If he comes across as determinedly unsympathetic in these passages, a better argument for Kitaj’s belief in his own work is carried by the paintings in this book, than by the text. There is an irony in the fact that his always angry sense of colour and drama came most fully into its own after his critical defenestration. He was loyally defended by lifelong friends Frank Auerbach and Hockney, but since, as these Confessions make clear, he recognised little separation between his life and his work, he could hardly cry foul at being judged as an ego as well as an artist. Robert Hughes once observed that ‘Kitaj can draw better than any man alive’; the pastel and charcoal sketches reproduced here go some way to supporting that claim (even if the Hughes quote itself is repeated to the point of desperation).
Some may hear echoes in Kitaj’s writing of Mickey Sabbath, the demonic hero of Philip Roth’s wild and whirling novel, Sabbath’s Theater. The shared cadences are not accidental; during the days and nights when Kitaj felt his late wife’s death most sharply in LA he was in the habit of calling his friend Roth and pouring out his heart.

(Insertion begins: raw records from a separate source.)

Lemma arc_graph_of u v : arc G u v = (ps u < ps v).
Proof.
case: (ltngtP u v) => [lt_uv|lt_vu|/val_inj ->]; last by rewrite arc_irr ltnn.
  rewrite (arc_lt _ lt_uv) ed_graph_of //.
  by case: ifP => _; [rewrite eqxx | case: ifP; rewrite etype_eqE].
rewrite (arc_gt _ lt_vu) ed_graph_of //; case: ifP => [lt_vu'|/negbT].
  by rewrite eqxx ltnNge (ltnW lt_vu').
rewrite -leqNgt leq_eqVlt => /orP[/eqP/pos_injective eq_uv|->].
  by rewrite eq_uv ltnn in lt_vu.
by case: ifP; rewrite etype_eqE.
Qed.

Lemma kind_graph_of u v : ps u < ps v ->
  kind G u v = if u < v then Up else if ps u < th v then Down else Downish.
Proof.
move=> lt_uv; case: (ltngtP u v) => [lt|gt|/val_inj eq_uv].
- by rewrite (kind_lt _ lt) ed_graph_of // lt_uv.
- by rewrite (kind_gt _ gt) ed_graph_of // ltnNge (ltnW lt_uv).
- by rewrite eq_uv ltnn in lt_uv.
Qed.

Lemma connect_graph_of u v : connect (arc G) u v -> ps u <= ps v.
Proof.
case/connectP => p; elim: p u => [u _ -> //|w p IHp u /= /andP[uw pw] last_v].
by rewrite arc_graph_of in uw; apply: leq_trans (ltnW uw) (IHp w pw last_v).
Qed.

Lemma graph_of_acyclic : acyclicb G.
Proof.
apply/forallP => u; apply/forallP => v; apply/implyP; rewrite arc_graph_of => lt_uv.
by apply/negP => /connect_graph_of; rewrite leqNgt lt_uv.
Qed.

Lemma kind_graph_of_Down u v : ps u < ps v -> kind G u v = Down -> ps u < th v.
Proof. by move/kind_graph_of ->; case: ifP => // _; case: ifP. Qed.

Lemma kind_graph_of_Downish u v : ps u < ps v -> kind G u v = Downish -> th v <= ps u.
Proof. by move/kind_graph_of ->; case: ifP => // _; case: ifP => // /negbT; rewrite -leqNgt. Qed.

(* A downish source-sink edge [ac] means [th c <= ps a], whereas a down edge [ab]
   or [bc] gives [ps a < th c] because thresholds increase along the order. *)
Lemma graph_of_triangle : triangle_condb G.
Proof.
apply/forallP => a; apply/forallP => b; apply/forallP => c.
apply/implyP; rewrite !arc_graph_of => /and3P[ab bc ac].
apply/implyP => has_down; apply/implyP => _; apply/negP => /eqP ac_downish.
have := kind_graph_of_Downish ac ac_downish; apply/negP; rewrite -ltnNge.
have le_th : th b <= th c by apply: (thr_mono pl) => //; apply: placed_all.
move: has_down; rewrite !inE => /or3P[/eqP e|/eqP e|/eqP e].
- exact: leq_trans (kind_graph_of_Down ab (esym e)) le_th.
- exact: ltn_trans ab (kind_graph_of_Down bc (esym e)).
- by rewrite -e in ac_downish.
Qed.

Lemma graph_of_parking : parking_graph G.
Proof. by rewrite /parking_graph graph_of_acyclic graph_of_triangle. Qed.

Lemma indeg_graph_of v : indeg G v = d v.
Proof.
rewrite indeg_split (indeg_placed pl (placed_all v)); congr (_ + _).
  by apply: eq_card => u; rewrite !inE arc_graph_of placed_all.
apply: eq_card => u; rewrite !inE placed_all /down_arc /=.
case: (ltnP v u) => [lt_vu|]; last by rewrite andbF.
rewrite andbT ed_graph_of // ltnNge.
case: (ltnP (ps u) (th v)) => [lt_uth|le_thu] /=.
  by rewrite (ltnW (leq_trans lt_uth (thr_le_pos pl (placed_all v)))) etype_eqE.
by case: (leqP (ps u) (ps v)); rewrite etype_eqE.
Qed.

End Realization.

Lemma parking_function_phi_surj n (x : n.-tuple nat) : parking_function x ->
  exists2 G : mgraph n, parking_graph G & phi G = x.
Proof.
case/andP => /allP x_pos /forallP x_parking.
pose d (v : 'I_n) := (tnth x v).-1.
have d_parking t : t < n -> t < #|[set v | d v <= t]|.
  move=> lt_tn; have := x_parking (Ordinal lt_tn).
  rewrite nth_sort_leqE ?size_tuple // count_tuple_card => /leq_trans; apply.
  by apply: subset_leq_card; apply/subsetP => v; rewrite !inE /d; case: (tnth x v).
have [A [ps [th [m pl]]]] := placement_exists d_parking (leqnn n).
exists (graph_of ps th); first exact: graph_of_parking pl.
apply: eq_from_tnth => i; rewrite tnth_mktuple (indeg_graph_of pl) /d prednK //.
exact/x_pos/mem_tnth.
Qed.

Lemma phi_inj n : {in [pred G : mgraph n | parking_graph G] &, injective (@phi n)}.
Proof.
move=> G1 G2; rewrite !inE => /andP[acyclic1 triangle1] /andP[acyclic2 triangle2] eq_phi.
apply: indeg_inj acyclic1 triangle1 acyclic2 triangle2 _ => i.
by have := congr1 (fun t => tnth t i) eq_phi; rewrite !tnth_mktuple => -[].
Qed.

Theorem theorem2p2 (n : nat) :
  (forall G : mgraph n, parking_graph G -> parking_function (phi G)) /\
  {in [pred G : mgraph n | parking_graph G] &, injective (@phi n)} /\
  (forall x : n.-tuple nat, parking_function x ->
     exists2 G : mgraph n, parking_graph G & phi G = x).
Proof.
split; first exact: phi_parking_function.
split; [exact: phi_inj | exact: parking_function_phi_surj].
Qed.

As with Sabbath there was a little salvation in his fall from grace. Some of Kitaj’s most dramatic and affecting painting depicted the life with Fisher that he had lost, and the ways in which she still haunted him. ‘Sandra appears in […] my septuagenarian dreams. I am alone – with her,’ he wrote. ‘I could make love to my angel with my paintbrush, fondle her again, caress her contours.’ There is a sort of triumph in this, for Kitaj. For the reader who has stuck with him this far there will no doubt be a desire to go back and look again at the work. ‘Posterity excites me to THE END,’ Kitaj wrote. His book is a gift to that stubborn impulse.
R. B. Kitaj: Confessions of an Old Jewish Painter (Eckhart J. Gillen, ed.) is published by Schirmer/Mosel (€39.80).